As Secretary of State, Dulles concentrated on building up the North Atlantic Treaty Organization and forming other alliances (a phenomenon described as his "Pactomania") as part of his strategy of controlling Soviet expansion by threatening massive retaliation in the event of a war. In the 1950s, he worked alongside people in Vietnam, and others, to reduce French influence in Vietnam as well as asking the United States to attempt to cooperate with the French in the aid of strengthening Diem's Army. Over time Dulles concluded that it was time to "ease France out of Vietnam". In 1950 he also helped initiate the ANZUS Treaty for mutual protection with Australia and New Zealand.
Dulles strongly opposed communism, believing it was "Godless terrorism". One of his first major policy shifts towards a more aggressive position against communism occurred in March 1953, when Dulles supported Eisenhower's decision to direct the Central Intelligence Agency (CIA), then headed by his brother Allen Dulles, to draft plans to overthrow the Prime Minister Mohammed Mossadegh of Iran. This led directly to the coup d'état via Operation Ajax in support of Mohammad Reza Pahlavi, who became the Shah of Iran.

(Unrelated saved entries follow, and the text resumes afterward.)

Lemma derivY_partial_inverse :
  eqmodZ m.+1 ((1 + 'X * compY X W^`()) * derivY X) 1.
Proof.
have := eqmodZ_derivY partial_inverse_fixpoint.
rewrite raddfD derivYM derivYX mul0r add0r derivY_compY derivYC derivX polyC1.
by rewrite mulrDl mul1r mulrA.
Qed.

Lemma deriv_partial_inverse_fixpoint :
  eqmodZ m ((1 + 'X * compY X W^`()) * X^`() + compY X W) 0.
Proof.
have := eqmodZ_deriv partial_inverse_fixpoint.
rewrite derivD derivM derivX deriv_compY derivC.
by rewrite mulrDl !mul1r !mulrA -addrA [compY X W + _]addrC.
Qed.

(* Eliminate 1 + Z W'(X) between the Y- and Z-derivatives of the fixpoint equation. *)
Lemma deriv_partial_inverse : eqmodZ m X^`() (- (compY X W * derivY X)).
Proof.
set A := 1 + 'X * compY X W^`(); set H := compY X W.
have -> : X^`() = (A * X^`() + H) * derivY X - H * derivY X + X^`() * (1 - A * derivY X).
  by rewrite mulrDl addrK mulrBr mulr1 mulrA [X^`() * A]mulrC addrC subrK.
apply: (eqmodZ_trans (q := 0 * derivY X - H * derivY X + X^`() * (1 - 1))); last first.
  by rewrite mul0r subrr mulr0 addr0 add0r.
apply: eqmodZD.
  apply: eqmodZB _ (eqmodZ_refl _ _); apply: eqmodZM _ (eqmodZ_refl _ _).
  exact: deriv_partial_inverse_fixpoint.
apply: eqmodZM (eqmodZ_refl _ _) (eqmodZB (eqmodZ_refl _ _) _).
exact: eqmodZ_leq (leqnSn m) derivY_partial_inverse.
Qed.

Lemma deriv_compY_partial_inverse f :
  eqmodZ m (compY X f)^`() (compY X (- W) * derivY (compY X f)).
Proof.
rewrite deriv_compY derivY_compY rmorphN.
apply: eqmodZ_trans (eqmodZM (eqmodZ_refl m (compY X f^`())) deriv_partial_inverse) _.
by rewrite mulrN mulNr mulrCA.
Qed.

Lemma derivn_compY_partial_inverse f k : (k < m)%N ->
  eqmodZ (m - k) ((compY X f)^`(k.+1))
    (iter k derivY (compY X (- W) ^+ k.+1 * derivY (compY X f))).
Proof.
set G := compY X f; set H := compY X (- W).
have eH : eqmodZ m H^`() (H * derivY H) := deriv_compY_partial_inverse (- W).
have eG : eqmodZ m G^`() (H * derivY G) := deriv_compY_partial_inverse f.
elim: k => [|k IH] hk; first by rewrite subn0 derivn1 expr1.
have le_mk : (m - k.+1 <= m)%N by apply: leq_subr.
have := IH (ltnW hk); rewrite -(subnSK (ltnW hk)) => /eqmodZ_deriv.
rewrite -derivnS deriv_iter_derivY => h; apply: eqmodZ_trans h _.
rewrite iterSr; apply: eqmodZ_iter_derivY.
rewrite derivM deriv_exp succnK deriv_derivY derivYM derivY_exp.
apply: (eqmodZ_trans (q :=
  ((H * derivY H) * H ^+ k *+ k.+1 * derivY G + H ^+ k.+1 * derivY (H * derivY G)))).
  apply: eqmodZD.
    apply: eqmodZM _ (eqmodZ_refl _ _); apply: eqmodZMn; apply: eqmodZM _ (eqmodZ_refl _ _).
    exact: eqmodZ_leq le_mk eH.
  by apply: eqmodZM (eqmodZ_refl _ _) _; apply: eqmodZ_derivY; exact: eqmodZ_leq le_mk eG.
by rewrite derivYM !exprS; congr (take_poly _ _); ring.
Qed.

End Truncation.

Lemma lagrange_inversion m f : (0 < m)%N ->
  (compY (partial_inverse m) f)`_m *+ m`! = ((- W) ^+ m * f^`())^`(m.-1).
Proof.
move=> m_gt0; have := @derivn_compY_partial_inverse m f m.-1.
have m_pred : (0 < m - m.-1)%N by rewrite subn_gt0 ltn_predL.
rewrite prednK // => /(_ (ltnSn _)) /eqmodZP /(_ 0%N m_pred).
rewrite coef_derivn addn0 ffactnn coef0_iter_derivY coef0M -!/(coefp 0 _) rmorphXn /=.
by rewrite coef_derivY !coef0_compY coef0_partial_inverse !comp_polyXr.
Qed.
(* For every integer $j\ge 0$, $$\int_0^1\frac{\operatorname{Ti}_{2j+1}(t)}{1+t^2}\,dt=\frac12\sum_{k=0}^{2j}(-1)^k\,\beta(k+1)\,\beta(2j-k+1).$$
   Context: The inverse tangent integral of order $r\ge1$ is $\operatorname{Ti}_r(x)=\sum_{k=1}^\infty\frac{(-1)^{k-1}x^{2k-1}}{(2k-1)^r}$ for $|x|\le 1$. The Dirichlet beta function is $\beta(r)=\sum_{k=1}^\infty \frac{(-1)^{k-1}}{(2k-1)^r}=\operatorname{Ti}_r(1)$ for integers $r\ge1$. *)

From Stdlib Require Import Reals.
From Coquelicot Require Import Coquelicot.
Open Scope R_scope.

(* Inverse tangent integral of order r:
   Ti_r(x) = sum_{k>=1} (-1)^(k-1) x^(2k-1) / (2k-1)^r, reindexed with n = k-1. *)
Definition Ti (r : nat) (x : R) : R :=
  Series (fun n : nat => (-1) ^ n * x ^ (2 * n + 1) / (INR (2 * n + 1)) ^ r).

Definition dbeta (r : nat) : R :=
  Series (fun n : nat => (-1) ^ n / (INR (2 * n + 1)) ^ r).

(* On (-1,1) the function F(y) = 1/2 sum_k (-1)^k Ti_{k+1}(y) Ti_{2j-k+1}(y) is an
   antiderivative of Ti_{2j+1}(y)/(1+y^2): writing Ti_r(t) = t p_r(t^2), one has
   Ti_{r+1}' = p_r(t^2) and p_0(t^2) = 1/(1+t^2), so the derivative of F telescopes to
   t p_0(t^2) p_{2j+1}(t^2).  At the endpoint t = 1 the series defining Ti_r (r >= 1) are
   alternating with terms bounded by 1/(n+1), hence converge uniformly on [0,1]; thus both
   F and the integral are continuous up to 1, and F(1) is the beta sum. *)
From Stdlib Require Import Reals Lra Lia.
From Coquelicot Require Import Coquelicot.
Open Scope R_scope.

(** * Power series in [t^2] *)

Definition ti_coef (a n : nat) : R := (-1) ^ n / INR (2 * n + 1) ^ a.

Definition ti_pser (a : nat) (u : R) : R := PSeries (ti_coef a) u.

In 1954 during at the height of the Battle of Dien Bien Phu, Dulles hoped that American forces could attempt to help the beleaguered French army. Operation Vulture was planned; an aerial assault on the opposing communist Viet Minh siege positions. Eisenhower made American participation reliant on British support, but Foreign Secretary Sir Anthony Eden was opposed and Vulture was reluctantly cancelled. With Dien Bien Phu's fall to the communists, Dulles fell out with Eden. At the 1954 Geneva Conference which concerned the breakup of French Indochina he forbade any contact with the Chinese delegation, refusing to shake hands with Zhou Enlai, the lead Chinese negotiator. He subsequently left leaving the US to avoid direct association with the negotiations.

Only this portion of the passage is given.